Gustavo provides a practical reminder on installing R libraries using the install.packages("lib name") syntax, a fundamental step for anyone venturing into the world of R programming.

Now, let's dissect the code snippets featured in the article:

  1. Creating a Dataset: The author initializes a data frame (df) with four columns (col1, col2, col3, col4) and populates it with numeric values. This dataset serves as the foundation for subsequent transformations.

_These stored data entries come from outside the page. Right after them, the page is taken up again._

(* Let $K$ be a characteristic kernel on $\mathcal S=\{1,\ldots,M\}$ ($M\ge2$), let $\pi_1,\dots,\pi_M\in(0,1)$ with $\sum_i\pi_i=1$, and let $P_1,\ldots,P_M$ be probability measures on a measurable space $\mathcal{Z}$. Then the KMD $\eta=\eta(P_1,\ldots,P_M)$ satisfies: (i) $\eta\in[0,1]$; (ii) $\eta=0$ if and only if $P_1=\cdots=P_M$; (iii) $\eta=1$ if and only if $P_1,\ldots,P_M$ are mutually singular, i.e. there exist pairwise disjoint measurable sets $A_1,\ldots,A_M$ with $P_i(A_i)=1$ for $i=1,\ldots,M$.
   Context: A kernel on $\mathcal S=\{1,\ldots,M\}$ is a symmetric function $K:\mathcal S\times\mathcal S\to\mathbb R$ such that the matrix $[K(i,j)]_{i,j=1}^M$ is positive semidefinite; it is characteristic if $\sum_{i,j=1}^M\alpha_i\alpha_jK(i,j)>0$ for every nonzero $(\alpha_1,\ldots,\alpha_M)\in\mathbb R^M$ with $\sum_i\alpha_i=0$. Given $P_1,\dots,P_M$ and $\pi$, let $(\tilde Z,\tilde\Delta)$ be a random pair with $\mathbb P(\tilde\Delta=i)=\pi_i$ and conditional law of $\tilde Z$ given $\tilde\Delta=i$ equal to $P_i$; let $(\tilde Z_1,\tilde\Delta_1),(\tilde Z_2,\tilde\Delta_2)$ be i.i.d. copies of $(\tilde Z,\tilde\Delta)$; and let $\tilde\Delta'$ be a random variable such that $(\tilde Z,\tilde\Delta')$ has the same law as $(\tilde Z,\tilde\Delta)$ and $\tilde\Delta,\tilde\Delta'$ are conditionally independent given $\tilde Z$. The kernel measure of multi-sample dissimilarity (KMD) is $$\eta(P_1,\ldots,P_M)=\frac{\mathbb E[K(\tilde\Delta,\tilde\Delta')]-\mathbb E[K(\tilde\Delta_1,\tilde\Delta_2)]}{\mathbb E[K(\tilde\Delta,\tilde\Delta)]-\mathbb E[K(\tilde\Delta_1,\tilde\Delta_2)]}.$$ *)

From HB Require Import structures.
From mathcomp Require Import all_boot all_order all_algebra.
From mathcomp Require Import all_classical all_reals all_analysis.
Set Implicit Arguments. Unset Strict Implicit. Unset Printing Implicit Defensive.
Import Order.TTheory GRing.Theory Num.Theory.
Local Open Scope ring_scope.
Local Open Scope classical_set_scope.

Definition is_kernel (R : realType) (M : nat) (K : 'I_M -> 'I_M -> R) : Prop :=
  (forall i j, K i j = K j i) /\
  (forall a : 'I_M -> R, 0 <= \sum_(i < M) \sum_(j < M) a i * a j * K i j).

Definition characteristic_kernel (R : realType) (M : nat)
    (K : 'I_M -> 'I_M -> R) : Prop :=
  is_kernel K /\
  (forall a : 'I_M -> R, (exists i, a i != 0) -> \sum_(i < M) a i = 0 ->
     0 < \sum_(i < M) \sum_(j < M) a i * a j * K i j).

(* p i z is (a version of) the conditional probability P(Delta~ = i | Z~ = z),
   where (Z~, Delta~) has P(Delta~ = i) = pi i and Z~ | Delta~ = i ~ P i.
   Defining property: for every measurable A,
     P(Delta~ = i, Z~ \in A) = E[p i (Z~) ; Z~ \in A],
   where the law of Z~ is the mixture sum_k pi_k P_k. *)
Definition cond_label_prob d (T : measurableType d) (R : realType) (M : nat)
    (pi : 'I_M -> R) (P : 'I_M -> probability T R) (p : 'I_M -> T -> R) : Prop :=
  (forall i, measurable_fun setT (p i)) /\
  (forall i x, 0 <= p i x <= 1) /\
  (forall i (A : set T), measurable A ->
     ((pi i)%:E * P i A =
      \sum_(k < M) (pi k)%:E * \int[P k]_(x in A) (p i x)%:E)%E).

(* E[K(Delta~, Delta~')] where Delta~, Delta~' are conditionally independent
   given Z~, each with conditional law p . (Z~):
   = E[ sum_{i,j} K(i,j) p_i(Z~) p_j(Z~) ], Z~ ~ sum_k pi_k P_k. *)
Definition EK_cond d (T : measurableType d) (R : realType) (M : nat)
    (K : 'I_M -> 'I_M -> R) (pi : 'I_M -> R) (P : 'I_M -> probability T R)
    (p : 'I_M -> T -> R) : R :=
  \sum_(k < M) pi k *
    fine (\int[P k]_x (\sum_(i < M) \sum_(j < M) K i j * p i x * p j x)%:E)%E.

Definition EK_diag (R : realType) (M : nat) (K : 'I_M -> 'I_M -> R)
    (pi : 'I_M -> R) : R :=
  \sum_(i < M) pi i * K i i.

Definition EK_indep (R : realType) (M : nat) (K : 'I_M -> 'I_M -> R)
    (pi : 'I_M -> R) : R :=
  \sum_(i < M) \sum_(j < M) pi i * pi j * K i j.

Definition KMD d (T : measurableType d) (R : realType) (M : nat)
    (K : 'I_M -> 'I_M -> R) (pi : 'I_M -> R) (P : 'I_M -> probability T R)
    (p : 'I_M -> T -> R) : R :=
  (EK_cond K pi P p - EK_indep K pi) / (EK_diag K pi - EK_indep K pi).

From HB Require Import structures.
From mathcomp Require Import all_boot all_order all_algebra.
From mathcomp Require Import all_classical all_reals all_analysis.
From mathcomp Require Import measurable_realfun ring.
Import Order.TTheory GRing.Theory Num.Theory.
Local Open Scope ring_scope.
Local Open Scope classical_set_scope.
(* D_K is a quadratic function, D_K(x + t v) = D_K(x) + t L_x(v) + t^2 Q(v), whose
   quadratic part Q(v) = 1/2 sum_i (h_i^T v_i)^2 + K/4 sum_{i,j} a_ij ||v_j - v_i||^2 is
   positive definite: Q(v) = 0 forces v to be constant along edges, hence constant by
   connectivity, and then H v_0 = 0 forces v = 0 by the rank condition.  So the gradient is
   an injective, hence invertible, affine map and has exactly one zero.  For the bound, a
   critical point minimises D_K, so D_K(x) <= D_K(0) = 1/2 ||z||^2: this bounds every
   residual h_i^T x_i - z_i and, uniformly in K > kappa0, every edge difference x_j - x_i;
   summing along paths bounds x_i - x_0, and then H x_0 is bounded, hence so is x_0. *)
From Stdlib Require Import Reals Lra Lia ClassicalEpsilon FunctionalExtensionality.
From mathcomp Require all_boot all_algebra Rstruct.
Open Scope R_scope.

(** * Finite sums *)

Lemma sumR_ext n f g : (forall i, (i < n)%nat -> f i = g i) -> sumR n f = sumR n g.
Proof.
induction n as [|n IH]; simpl; intros H; auto.
rewrite IH by (intros; apply H; lia). rewrite H by lia. reflexivity.
Qed.

Lemma sumR_add n f g : sumR n (fun i => f i + g i) = sumR n f + sumR n g.
Proof. induction n; simpl; [ring | rewrite IHn; ring]. Qed.

Lemma sumR_sub n f g : sumR n (fun i => f i - g i) = sumR n f - sumR n g.
Proof. induction n; simpl; [ring | rewrite IHn; ring]. Qed.

Lemma sumR_scal n c f : sumR n (fun i => c * f i) = c * sumR n f.
Proof. induction n; simpl; [ring | rewrite IHn; ring]. Qed.

Lemma sumR_scal_r n f c : sumR n (fun i => f i * c) = sumR n f * c.
Proof. induction n; simpl; [ring | rewrite IHn; ring]. Qed.

Lemma sumR_const0 n : sumR n (fun _ => 0) = 0.
Proof. induction n; simpl; [ring | rewrite IHn; ring]. Qed.

Lemma sumR_eq0 n f : (forall i, (i < n)%nat -> f i = 0) -> sumR n f = 0.
Proof. intros H. rewrite (sumR_ext n f (fun _ => 0)) by auto. apply sumR_const0. Qed.

Lemma sumR_le n f g : (forall i, (i < n)%nat -> f i <= g i) -> sumR n f <= sumR n g.
Proof.
induction n; simpl; intros H; [lra|].
pose proof (H n ltac:(lia)). pose proof (IHn ltac:(intros; apply H; lia)). lra.
Qed.

Lemma sumR_ge0 n f : (forall i, (i < n)%nat -> 0 <= f i) -> 0 <= sumR n f.
Proof. intros H. rewrite <- (sumR_const0 n). apply sumR_le. exact H. Qed.

Lemma sumR_term_le n f i :
  (forall j, (j < n)%nat -> 0 <= f j) -> (i < n)%nat -> f i <= sumR n f.
Proof.
induction n; simpl; intros H Hi; [lia|].
destruct (Nat.eq_dec i n) as [->|Hne].
- pose proof (sumR_ge0 n f ltac:(intros; apply H; lia)). lra.
- pose proof (IHn ltac:(intros; apply H; lia) ltac:(lia)). pose proof (H n ltac:(lia)). lra.
Qed.

Lemma sumR_eq0_ge0 n f : (forall i, (i < n)%nat -> 0 <= f i) -> sumR n f = 0 ->
  forall i, (i < n)%nat -> f i = 0.
Proof. intros H0 Hs i Hi. pose proof (sumR_term_le n f i H0 Hi). pose proof (H0 i Hi). lra. Qed.

Lemma sumR_swap n p f :
  sumR n (fun i => sumR p (fun j => f i j)) = sumR p (fun j => sumR n (fun i => f i j)).
Proof.
induction n; simpl.
- symmetry. apply sumR_const0.
- rewrite IHn, <- sumR_add. reflexivity.
Qed.

Lemma sumR_abs n f : Rabs (sumR n f) <= sumR n (fun i => Rabs (f i)).
Proof.
induction n; simpl; [rewrite Rabs_R0; lra|].
eapply Rle_trans; [apply Rabs_triang | lra].
Qed.

Lemma sumR_delta n k f : (k < n)%nat ->
  sumR n (fun l => if Nat.eqb l k then f l else 0) = f k.
Proof.
induction n; simpl; intros Hk; [lia|].
destruct (Nat.eq_dec k n) as [->|Hne].
- rewrite Nat.eqb_refl, sumR_eq0; [ring|].
  intros i Hi. destruct (Nat.eqb_spec i n); [lia | reflexivity].
- destruct (Nat.eqb_spec n k); [lia|]. rewrite IHn by lia. ring.
Qed.

Lemma sumR_split_add n p f : sumR (n + p) f = sumR n f + sumR p (fun l => f (n + l)%nat).
Proof.
induction p; simpl; [rewrite Nat.add_0_r; ring|].
rewrite Nat.add_succ_r. simpl. rewrite IHp. ring.
Qed.

Lemma sumR_split_mul n p f :
  sumR (n * p) f = sumR n (fun j => sumR p (fun l => f (j * p + l)%nat)).
Proof. induction n; simpl; [reflexivity|]. rewrite Nat.add_comm, sumR_split_add, IHn. reflexivity. Qed.

Lemma sumR_quadratic n t f p q r :
  (forall i, (i < n)%nat -> f i = p i + t * q i + t ^ 2 * r i) ->
  sumR n f = sumR n p + t * sumR n q + t ^ 2 * sumR n r.
Proof. intros H. rewrite (sumR_ext n f _ H), !sumR_add, !sumR_scal. ring. Qed.

Lemma sumR_upper_half n (s : nat -> nat -> R) :
  (forall i j, s i j = s j i) -> (forall i, s i i = 0) ->
  sumR n (fun i => sumR n (fun j => if (i <? j)%nat then s i j else 0)) =
  / 2 * sumR n (fun i => sumR n (fun j => s i j)).
Proof.
intros Hs H0.
assert (E : sumR n (fun i => sumR n (fun j => s i j)) =
  sumR n (fun i => sumR n (fun j => if (i <? j)%nat then s i j else 0)) +
  sumR n (fun i => sumR n (fun j => if (j <? i)%nat then s j i else 0))).
{ rewrite <- sumR_add. apply sumR_ext. intros i _. rewrite <- sumR_add.
  apply sumR_ext. intros j _.
  destruct (Nat.ltb_spec i j), (Nat.ltb_spec j i); try lia.
  - ring.
  - rewrite Hs. ring.
  - replace j with i by lia. rewrite H0. ring. }
rewrite E, (sumR_swap n n (fun i j => if (j <? i)%nat then s j i else 0)). field.
Qed.

Lemma common_bound n (Q : nat -> R -> Prop) :
  (forall i L L', Q i L -> L <= L' -> Q i L') ->
  (forall i, (i < n)%nat -> exists L, Q i L) -> exists L, forall i, (i < n)%nat -> Q i L.
Proof.
intros Hmono. induction n; intros H.
- exists 0. intros; lia.
- destruct IHn as [L1 H1]; [intros; apply H; lia|].
  destruct (H n ltac:(lia)) as [L2 H2].
  exists (Rmax L1 L2). intros i Hi. destruct (Nat.eq_dec i n) as [->|Hne].
  + eapply Hmono; [eauto | apply Rmax_r].
  + eapply Hmono; [apply H1; lia | apply Rmax_l].
Qed.

(** * Euclidean geometry of R^m *)

Lemma dotp_ge0 m u : 0 <= dotp m u u.
Proof. apply sumR_ge0. intros. apply Rle_0_sqr. Qed.

Lemma vnorm_sq m u : vnorm m u ^ 2 = dotp m u u.
Proof. apply pow2_sqrt, dotp_ge0. Qed.

Lemma dotp_linear_r m u p q t :
  dotp m u (fun k => p k + t * q k) = dotp m u p + t * dotp m u q.
Proof. unfold dotp. rewrite <- sumR_scal, <- sumR_add. apply sumR_ext. intros; ring. Qed.

Lemma dotp_sub_r m u p q : dotp m u (fun k => p k - q k) = dotp m u p - dotp m u q.
Proof. unfold dotp. rewrite <- sumR_sub. apply sumR_ext. intros; ring. Qed.

Lemma Rabs_dotp_le m u w c : (forall k, (k < m)%nat -> Rabs (w k) <= c) ->
  Rabs (dotp m u w) <= c * sumR m (fun k => Rabs (u k)).
Proof.
intros Hw. eapply Rle_trans; [apply sumR_abs|]. rewrite <- sumR_scal. apply sumR_le.
intros k Hk. rewrite Rabs_mult, Rmult_comm. apply Rmult_le_compat_r; auto. apply Rabs_pos.
Qed.

Lemma Rabs_le_sqrt u c : u ^ 2 <= c -> Rabs u <= sqrt c.
Proof. intros H. rewrite <- sqrt_Rsqr_abs. apply sqrt_le_1_alt. unfold Rsqr. nra. Qed.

  2. Mutate() Function: The article introduces the mutate() function, a pivotal tool from the dplyr package. This function allows users to add new variables while preserving existing ones. In the provided example, the mutate() function is used to calculate and append new columns to the dataset df.

  3. Adding Calculated Columns: With the mutate() function, the article demonstrates how to effortlessly compute and add new columns to the dataset. In this case, mean, standard deviation, and median of existing columns (col1, col2, col3) are computed and appended as new columns (mean_col1, std_col2, median_col3).

The presented code snippets offer a glimpse into the power and simplicity of R Language, especially when leveraged alongside the Tidyverse package. As an enthusiast and practitioner in the field, I wholeheartedly endorse the exploration of alternative tools like R for data manipulation and encourage fellow data enthusiasts to delve into the rich ecosystem it provides.

The Power of mutate( ) for Data Wrangling in R (2024)
Top Articles
Latest Posts
Article information

Author: Foster Heidenreich CPA

Last Updated:

Views: 5665

Rating: 4.6 / 5 (76 voted)

Reviews: 91% of readers found this page helpful

Author information

Name: Foster Heidenreich CPA

Birthday: 1995-01-14

Address: 55021 Usha Garden, North Larisa, DE 19209

Phone: +6812240846623

Job: Corporate Healthcare Strategist

Hobby: Singing, Listening to music, Rafting, LARPing, Gardening, Quilting, Rappelling

Introduction: My name is Foster Heidenreich CPA, I am a delightful, quaint, glorious, quaint, faithful, enchanting, fine person who loves writing and wants to share my knowledge and understanding with you.